The greater Gregory indoctrination has been underway for some time now, and to hear him tell it players had better understand a few things, or they won’t play.

“One thing that I think resonates not only with our students but also Atlanta and our alumni . . . I’m really emphasizing the work ethic we’re going to play with,” the coach said. “It will be something that resonates with [fans] because they’re working their butts off.

“When they go see our team . . . we want them to say, `Man, that team plays with unbelievable energy; they give great effort.’ That lays the groundwork for everything. We need to make sure we re-establish that.”

Winning is more fun, but there may be an edgy reason to be interested in the way the Jackets might lose some games this season.

Their roster is not over-stocked, and Tech will be relatively short on elders. While the new boss hopes it doesn’t come to this, know now that the Jackets will lose with their more talented players on the sidelines if that’s what it takes to get certain points across – points for the future and sustainability.

These won’t be just basketball points, either.

Perhaps fans, particularly those more aware of the Jackets’ realities, will offer a grace period of sorts for the new coach and his team. Or, maybe not.

“The starting point is everybody isn’t worried just about the X’s and O’s, but re-establishing Georgia Tech basketball,” Gregory said. “Everybody’s going to have different expectations. Nobody’s standards are going to be higher than mine. There should be no grace period on effort.

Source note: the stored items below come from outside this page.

(* A near maximizer [t] of [U t - t e] with [e] in [(eta, eta / r]] pays for
   itself: [U t] controls [V eta] by the doubling property, and comparing
   [U t - t r e <= V (r e)] with [U t - t e > V e - 1] bounds [t eta]. *)
Lemma near_argmax_grid eta e : 0 < eta -> eta < e -> r * e <= eta -> e <= d ->
  let t := near_argmax e in
  0 < t /\ (1 - r) * (eta * t) <= conj_V U eta + 1 /\ conj_V U eta <= 2 * (U t + 1).
Proof.
move=> eta_gt0 eta_e re_eta e_le_d; cbv zeta.
have e_gt0 := lt_trans eta_gt0 eta_e.
have re_gt0 : 0 < r * e by rewrite mulr_gt0.
have re_d : r * e < d by apply: lt_le_trans e_le_d; rewrite gtr_pMl.
have [t_gt0 t_max] := near_argmaxP e_gt0; set t := near_argmax e in t_gt0 t_max *.
have V_re := conj_V_ge U_nondecr U_sublinear re_gt0 t_gt0.
have V_eta_re : conj_V U eta <= conj_V U (r * e) by exact: conj_V_nonincr.
have V_e_eta : conj_V U e <= conj_V U eta by exact/conj_V_nonincr/ltW.
have := V_doubling e_gt0 re_d; have := V_gt0 eta_gt0 (lt_le_trans eta_e e_le_d).
move=> V_eta_gt0 V_re_le; split=> //; split; first last.
  have : 0 < t * e by rewrite mulr_gt0.
  lra.
have : (1 - r) * (eta * t) <= (1 - r) * (e * t).
  by apply: ler_wpM2l; [rewrite subr_ge0 ltW | rewrite ler_wpM2r // ltW].
have -> : (1 - r) * (e * t) = (U t - t * (r * e)) - (U t - t * e) by ring.
lra.
Qed.

Fixpoint grid_pick (g : R -> R) (k j : nat) (b eta : R) : R :=
  if k is k'.+1 then
    if eta < d * r ^+ j.+1 then grid_pick g k' j.+1 b eta else g (d * r ^+ j)
  else b.

Lemma grid_pickP g k j b eta : eta < d * r ^+ j -> d * r ^+ (j + k) <= eta ->
  exists m, [/\ grid_pick g k j b eta = g (d * r ^+ m),
                d * r ^+ m.+1 <= eta & eta < d * r ^+ m].
Proof.
elim: k j => [|k IH] j /= eta_lt eta_ge.
  by rewrite addn0 in eta_ge; move: (lt_le_trans eta_lt eta_ge); rewrite ltxx.
case: ifPn => [eta_lt'|]; first by apply: IH; rewrite // addSnnS.
by rewrite -leNgt => ?; exists j.
Qed.
Lemma urnA_row1 (Y : nat -> algC) :
  \sum_(1 <= c < n.+1) E 1 c * Y c = - Y 1%N + 2 * Y m.+1.
Proof.
rewrite (big_nat_sparse2 1 m.+1); try (apply/eqP; lia); try lia.
  by rewrite -[- Y 1%N]mulN1r; congr (_ * _ + _ * _); urnA_entry_cases.
by move=> c *; rewrite (_ : E 1 c = 0) ?mul0r //; urnA_entry_cases.
Qed.

Lemma urnA_row_lo (Y : nat -> algC) s : (0 < s < m)%N ->
  \sum_(1 <= c < n.+1) E s.+1 c * Y c =
  - s.+1%:R * Y s.+1 + s%:R * Y s + 2 * Y m.+1.
Proof.
move=> s_range.
rewrite (big_nat_sparse3 s.+1 s m.+1); try (apply/eqP; lia); try lia.
  by congr (_ * _ + _ * _ + _ * _); urnA_entry_cases.
by move=> c *; rewrite (_ : E s.+1 c = 0) ?mul0r //; urnA_entry_cases.
Qed.

Lemma urnA_row_hi (Y : nat -> algC) j : (0 < j)%N -> (j + 3 <= m)%N ->
  \sum_(1 <= c < n.+1) E (m + j)%N c * Y c =
  - j.+1%:R * Y (m + j)%N + j.+2%:R * Y (m + j.+1)%N.
Proof.
move=> j_gt0 j_le.
rewrite (big_nat_sparse2 (m + j)%N (m + j.+1)%N); try (apply/eqP; lia); try lia.
  by congr (_ * _ + _ * _); urnA_entry_cases.
by move=> c *; rewrite (_ : E (m + j)%N c = 0) ?mul0r //; urnA_entry_cases.
Qed.

Lemma urnA_row_last (Y : nat -> algC) :
  \sum_(1 <= c < n.+1) E n c * Y c = - (m - 1)%N%:R * Y n + m%:R * Y m.
Proof.
rewrite (big_nat_sparse2 n m); try (apply/eqP; lia); try lia.
  by congr (_ * _ + _ * _); urnA_entry_cases.
by move=> c *; rewrite (_ : E n c = 0) ?mul0r //; urnA_entry_cases.
Qed.

Lemma urnA_col_lo (V : nat -> algC) c : (0 < c < m)%N ->
  \sum_(1 <= r < n.+1) E r c * V r = - c%:R * V c + c%:R * V c.+1.
Proof.
move=> c_range; rewrite (big_nat_sparse2 c c.+1); try (apply/eqP; lia); try lia.
  by congr (_ * _ + _ * _); urnA_entry_cases.
by move=> r *; rewrite (_ : E r c = 0) ?mul0r //; urnA_entry_cases.
Qed.

Lemma urnA_col_m (V : nat -> algC) :
  \sum_(1 <= r < n.+1) E r m * V r = - m%:R * V m + m%:R * V n.
Proof.
rewrite (big_nat_sparse2 m n); try (apply/eqP; lia); try lia.
  by congr (_ * _ + _ * _); urnA_entry_cases.
by move=> r *; rewrite (_ : E r m = 0) ?mul0r //; urnA_entry_cases.
Qed.

Lemma urnA_col_succm (V : nat -> algC) :
  \sum_(1 <= r < n.+1) E r m.+1 * V r =
  \sum_(1 <= r < m.+1) 2 * V r - 2 * V m.+1.
Proof.
rewrite (big_cat_nat (n := m.+1)) ?(big_ltn (m := m.+1)) /=; try lia.
rewrite [X in _ + (_ + X)]big1_seq ?addr0; last first.
  move=> r /andP [_]; rewrite mem_index_iota => r_range.
  by rewrite (_ : E r m.+1 = 0) ?mul0r //; urnA_entry_cases.
rewrite -mulNr; congr (_ + _ * _); last by urnA_entry_cases.
apply: eq_big_nat => r r_range; congr (_ * _); urnA_entry_cases.
Qed.

Lemma urnA_col_hi (V : nat -> algC) j : (0 < j)%N -> (j + 3 <= m)%N ->
  \sum_(1 <= r < n.+1) E r (m + j.+1)%N * V r =
  j.+2%:R * V (m + j)%N - j.+2%:R * V (m + j.+1)%N.
Proof.
move=> j_gt0 j_le.
rewrite (big_nat_sparse2 (m + j)%N (m + j.+1)%N); try (apply/eqP; lia); try lia.
  by rewrite -mulNr; congr (_ * _ + _ * _); urnA_entry_cases.
by move=> r *; rewrite (_ : E r (m + j.+1)%N = 0) ?mul0r //; urnA_entry_cases.
Qed.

“There should be no grace period on the pride we play with, the unselfishness that we play with. I’m a firm believer in the process. I’ve been given a mandate not to take any shortcuts. I’m not just interested in just having a good team, but having a great program. There is a difference.”

I asked about that mandate, and Gregory said it’s not official. No one order came from on high, not from the athletic director, the president nor any one person. It’s a collection of impressions that the new coach has aggregated to shape his sense of plan, to build his sense of direction.

Sure, Dan Radakovich and Bud Peterson have had input, but there exists this feeling that Gregory’s charter has been – is being? — written by the masses.
“I believe that if you do those things [referenced above] with the type of student-athlete that Georgia Tech is able to attract, if you have that groundwork – the work ethic, the pride – the winning will take care of itself,” Gregory said.

“That encompasses your academics, the type of guys you bring in, what guys do socially away from the court. You can’t compromise any of those areas if you want to build a great program, if you want to build a program that is one of the nation’s best. That is what Georgia Tech deserves.”

We’ll have another installment of Gregory’s charter next week. It will start from where this one left off, with reference to academics. One of the reasons the man was hired was because he a rock-solid track record academically as head coach at Dayton. Tech basketball’s academic metrics conversely have in recent years generally lagged the ACC and the rest of the Tech athletic department.